(* Let $d\ge 3$ and let $\rho$ be a full-rank density matrix on $\mathbb{C}^D$ depending on parameters $\theta_1,\dots,\theta_d$; write $\rho_0=\rho$ and $\rho_j=\partial_j\rho$ ($j=1,\dots,d$). Let $S$ be the $d\times d$ matrix with $S_{j,j}=1$ for all $j$, $S_{j,j+1}=i$ for $j=1,\dots,d-1$, $S_{d,1}=i$ if $d$ is not a multiple of $4$ and $S_{d,1}=-i$ if $d$ is a multiple of $4$, and all other entries $0$; let $T=S^{-1}$. For real numbers $\mathbf z=(z_{l,k})_{0\le l\le d,\,1\le k\le d}\in\mathbb R^{d(d+1)}$ and Hermitian $D\times D$ matrices $\xi_1,\dots,\xi_d$ define $$\Gamma_j=\sum_{k=1}^d T_{k,j}\Big(\sum_{l=0}^d z_{l,k}\rho_l+i\xi_k\Big),\qquad j=1,\dots,d.$$ For a binary string $\boldsymbol\alpha\in\{0,1\}^d$ let $\bar{\boldsymbol\alpha}=\boldsymbol\alpha$ if $d$ is not a multiple of $4$, and let $\bar{\boldsymbol\alpha}$ be $\boldsymbol\alpha$ with its last bit flipped if $d$ is a multiple of $4$, and define $$g_{\boldsymbol\alpha}=-\sum_{j=1}^d z_{j,j}-\sum_{j=1}^d\frac{\delta_{0,\bar\alpha_j}\mathrm{Tr}[\Gamma_j\rho^{-1}\Gamma_j^\dagger]+\delta_{1,\bar\alpha_j}\mathrm{Tr}[\Gamma_j^\dagger\rho^{-1}\Gamma_j]}{2}.$$ Then $$C_{\mathsf H}\ \ge\ \max_{\boldsymbol\alpha\in\{0,1\}^d}\ \max_{\mathbf z,\xi_1,\dots,\xi_d} g_{\boldsymbol\alpha}.$$
   Context: $\mathrm{Re}(\cdot)$ and $\mathrm{Im}(\cdot)$ of a matrix are taken entrywise, and $\|\cdot\|_1$ is the trace norm. For a $d$-parameter family of density matrices $\rho$ on $\mathbb{C}^D$, the Holevo Cramér–Rao bound with identity weight matrix is $$C_{\mathsf H}=\min\Big\{\mathrm{Tr}[\mathrm{Re}Z(\mathbf X)]+\|\mathrm{Im}Z(\mathbf X)\|_1\Big\},$$ the minimum taken over tuples $\mathbf X=(X_1,\dots,X_d)$ of Hermitian $D\times D$ matrices with $\mathrm{Tr}[\rho X_j]=0$ and $\mathrm{Tr}[\partial_j\rho\,X_k]=\delta_{jk}$, where $Z_{jk}(\mathbf X)=\mathrm{Tr}[\rho X_jX_k]$. The matrix $S$ is invertible (so $T$ exists). *)

From HB Require Import structures.
From mathcomp Require Import all_boot all_order all_algebra.
From mathcomp Require Import spectral.
From mathcomp Require Import reals.
From mathcomp.real_closed Require Import complex.
Set Implicit Arguments. Unset Strict Implicit. Unset Printing Implicit Defensive.
Import Order.TTheory GRing.Theory Num.Theory.
Local Open Scope ring_scope.

Section HolevoDefs.
Variable R : realType.
Local Notation C := R[i].

Definition dag m n (A : 'M[C]_(m, n)) : 'M[C]_(n, m) := (map_mx (fun x => x^*) A)^T.

Definition is_hermitian n (A : 'M[C]_n) : Prop := dag A = A.

Definition psd n (A : 'M[C]_n) : Prop :=
  is_hermitian A /\ forall v : 'cV[C]_n, 0 <= (dag v *m A *m v) 0 0.

Definition density n (rho : 'M[C]_n) : Prop := psd rho /\ \tr rho = 1.

(* trace norm = sum of singular values = sum of sqrt of eigenvalues of A^dag A
   (spectral_diag gives the eigenvalues, with multiplicity, of a normal matrix) *)
Definition tracenorm n (A : 'M[C]_n) : C :=
  \sum_(i < n) sqrtC (spectral_diag (dag A *m A) 0 i).

Definition Zmat d D (rho : 'M[C]_D) (X : 'I_d -> 'M[C]_D) : 'M[C]_d :=
  \matrix_(j < d, k < d) \tr (rho *m X j *m X k).

(* objective of the Holevo bound with identity weight *)
Definition holevo_obj d D (rho : 'M[C]_D) (X : 'I_d -> 'M[C]_D) : C :=
  \tr (map_mx (fun x => 'Re x) (Zmat rho X))
  + tracenorm (map_mx (fun x => 'Im x) (Zmat rho X)).

(* locally unbiased constraints; drho j = partial_j rho *)
Definition feasible d D (rho : 'M[C]_D) (drho : 'I_d -> 'M[C]_D)
  (X : 'I_d -> 'M[C]_D) : Prop :=
  [/\ forall j, is_hermitian (X j),
      forall j, \tr (rho *m X j) = 0 &
      forall j k, \tr (drho j *m X k) = (j == k)%:R].

(* the matrix S (0-based indices) and T = S^{-1} *)
Definition Smx d : 'M[C]_d :=
  \matrix_(j < d, k < d)
    if j == k then 1
    else if (k : nat) == j.+1 then 'i
    else if ((j : nat) == d.-1) && ((k : nat) == 0%N) then
      (if (4 %| d)%N then - 'i else 'i)
    else 0.

Definition Tmx d : 'M[C]_d := invmx (Smx d).

Definition rho_l d D (rho : 'M[C]_D) (drho : 'I_d -> 'M[C]_D) (l : 'I_d.+1)
  : 'M[C]_D :=
  match unlift ord0 l with Some j => drho j | None => rho end.

Definition Gamma d D (rho : 'M[C]_D) (drho : 'I_d -> 'M[C]_D)
  (z : 'I_d.+1 -> 'I_d -> R) (xi : 'I_d -> 'M[C]_D) (j : 'I_d) : 'M[C]_D :=
  \sum_(k < d) Tmx d k j *:
     (\sum_(l < d.+1) ((z l k)%:C)%C *: rho_l rho drho l + 'i *: xi k).

Definition alpha_bar d (alpha : 'I_d -> bool) (j : 'I_d) : bool :=
  if (4 %| d)%N && ((j : nat) == d.-1) then ~~ alpha j else alpha j.

Definition g_alpha d D (rho : 'M[C]_D) (drho : 'I_d -> 'M[C]_D)
  (alpha : 'I_d -> bool) (z : 'I_d.+1 -> 'I_d -> R) (xi : 'I_d -> 'M[C]_D) : C :=
  - (\sum_(j < d) ((z (lift ord0 j) j)%:C)%C)
  - \sum_(j < d)
      (if alpha_bar alpha j
       then \tr (dag (Gamma rho drho z xi j) *m invmx rho *m Gamma rho drho z xi j)
       else \tr (Gamma rho drho z xi j *m invmx rho *m dag (Gamma rho drho z xi j)))
      / 2.

End HolevoDefs.

(* Put A_j = sum_k S_jk X_k.  For every j, expanding the nonnegative trace
   Tr[(A_j rho + Gamma_j^dag) rho^-1 (A_j rho + Gamma_j^dag)^dag] (or the same
   expression with A_j, Gamma_j replaced by their adjoints, according to the bit
   bar alpha_j) gives 0 <= Q_j + 2 Re Tr[A_j Gamma_j] + q_j, where q_j is the j-th
   quadratic term of g_alpha.  Since T = S^-1 and the X_k are locally
   unbiased, the cross terms add up to 2 sum_k z_kk.  Writing S = 1 + iN with N a
   real orthogonal signed cyclic shift, the Q_j add up to 2 Tr[Re Z] - Tr[Im Z W]
   with W = N^T E - E N, E the diagonal matrix of signs of bar alpha.  Finally -W is
   a sum of two orthogonal matrices, and 2 Re Tr[V B] <= 2 |B|_1 for every unitary V
   (Cauchy-Schwarz in an eigenbasis of B^dag B), so -Tr[Im Z W] <= 2 |Im Z|_1. *)

From HB Require Import structures.
From mathcomp Require Import all_boot all_order all_algebra.
From mathcomp Require Import spectral.
From mathcomp Require Import reals.
From mathcomp.real_closed Require Import complex.
From mathcomp Require Import ring zify.
Import Order.TTheory GRing.Theory Num.Theory.
Local Open Scope ring_scope.
Set Implicit Arguments. Unset Strict Implicit. Unset Printing Implicit Defensive.

Section ConjugateTranspose.
Variable R : realType.
Local Notation C := R[i].

Lemma dagE m n (A : 'M[C]_(m, n)) i j : dag A i j = (A j i)^*.
Proof. by rewrite !mxE. Qed.

Lemma dagK m n (A : 'M[C]_(m, n)) : dag (dag A) = A.
Proof. by apply/matrixP => i j; rewrite !dagE conjCK. Qed.

Lemma dagM m n p (A : 'M[C]_(m, n)) (B : 'M[C]_(n, p)) :
  dag (A *m B) = dag B *m dag A.
Proof.
apply/matrixP => i j; rewrite dagE !mxE rmorph_sum; apply: eq_bigr => k _.
by rewrite !mxE rmorphM mulrC.
Qed.

Lemma dagD m n (A B : 'M[C]_(m, n)) : dag (A + B) = dag A + dag B.
Proof. by apply/matrixP => i j; rewrite !mxE rmorphD. Qed.

Lemma dagN m n (A : 'M[C]_(m, n)) : dag (- A) = - dag A.
Proof. by apply/matrixP => i j; rewrite !mxE rmorphN. Qed.

Lemma dagZ m n c (A : 'M[C]_(m, n)) : dag (c *: A) = c^* *: dag A.
Proof. by apply/matrixP => i j; rewrite !mxE rmorphM. Qed.

Lemma dag_sum m n I (r : seq I) (P : pred I) (F : I -> 'M[C]_(m, n)) :
  dag (\sum_(i <- r | P i) F i) = \sum_(i <- r | P i) dag (F i).
Proof.
apply/matrixP => i j; rewrite dagE !summxE rmorph_sum; apply: eq_bigr => k _.
by rewrite !mxE.
Qed.

Lemma dag_invmx n (A : 'M[C]_n) : dag (invmx A) = invmx (dag A).
Proof. by rewrite /dag map_invmx trmx_inv. Qed.

Lemma dag_real m n (A : 'M[C]_(m, n)) : map_mx (@Num.conj C) A = A -> dag A = A^T.
Proof. by rewrite /dag => ->. Qed.

Lemma mxtrace_dag n (A : 'M[C]_n) : \tr (dag A) = (\tr A)^*.
Proof. by rewrite /mxtrace rmorph_sum; apply: eq_bigr => i _; rewrite !mxE. Qed.

Lemma mxtrace_hermitian_mul n (A B : 'M[C]_n) :
  is_hermitian A -> is_hermitian B -> (\tr (A *m B))^* = \tr (A *m B).
Proof. by move=> hA hB; rewrite -mxtrace_dag dagM hA hB mxtrace_mulC. Qed.

Lemma trC_dag m n (A : 'M[C]_(m, n)) : map_mx (@Num.conj C) A^T = dag A.
Proof. by apply/matrixP => i j; rewrite !mxE. Qed.

Lemma hermitianE n (Z : 'M[C]_n) i j : is_hermitian Z -> (Z i j)^* = Z j i.
Proof. by move=> Z_herm; rewrite -[in RHS]Z_herm !mxE. Qed.

End ConjugateTranspose.

Section SignedDiagonalSums.
Variable R : realType.
Local Notation C := R[i].
Variable n : nat.

Definition sign_diag (b : 'I_n -> bool) : 'M[C]_n :=
  diag_mx (\row_j (if b j then 1 else -1)).

Definition skew_mx (N E : 'M[C]_n) : 'M[C]_n := N^T *m E - E *m N.

Lemma sign_diag_real b : map_mx (@Num.conj C) (sign_diag b) = sign_diag b.
Proof.
apply/matrixP => i j; rewrite !mxE rmorphMn.
by case: ifP; rewrite ?rmorphN1 ?rmorph1.
Qed.

Lemma sign_diag_sym b : (sign_diag b)^T = sign_diag b.
Proof. exact: tr_diag_mx. Qed.

Lemma sign_diag_invol b : sign_diag b *m sign_diag b = 1%:M.
Proof.
apply/matrixP => i j; rewrite mul_diag_mx !mxE; case: eqP => [->|_].
  by case: (b j); rewrite ?mulr1n ?mulr1 ?mulrNN ?mulr1.
by rewrite !mulr0n mulr0.
Qed.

Try it: Locate the lines above that contain "dagE" and copy them.

Written reply:
Lemma dagE m n (A : 'M[C]_(m, n)) i j : dag A i j = (A j i)^*.
Proof. by apply/matrixP => i j; rewrite !dagE conjCK. Qed.
apply/matrixP => i j; rewrite dagE !mxE rmorph_sum; apply: eq_bigr => k _.
apply/matrixP => i j; rewrite dagE !summxE rmorph_sum; apply: eq_bigr => k _.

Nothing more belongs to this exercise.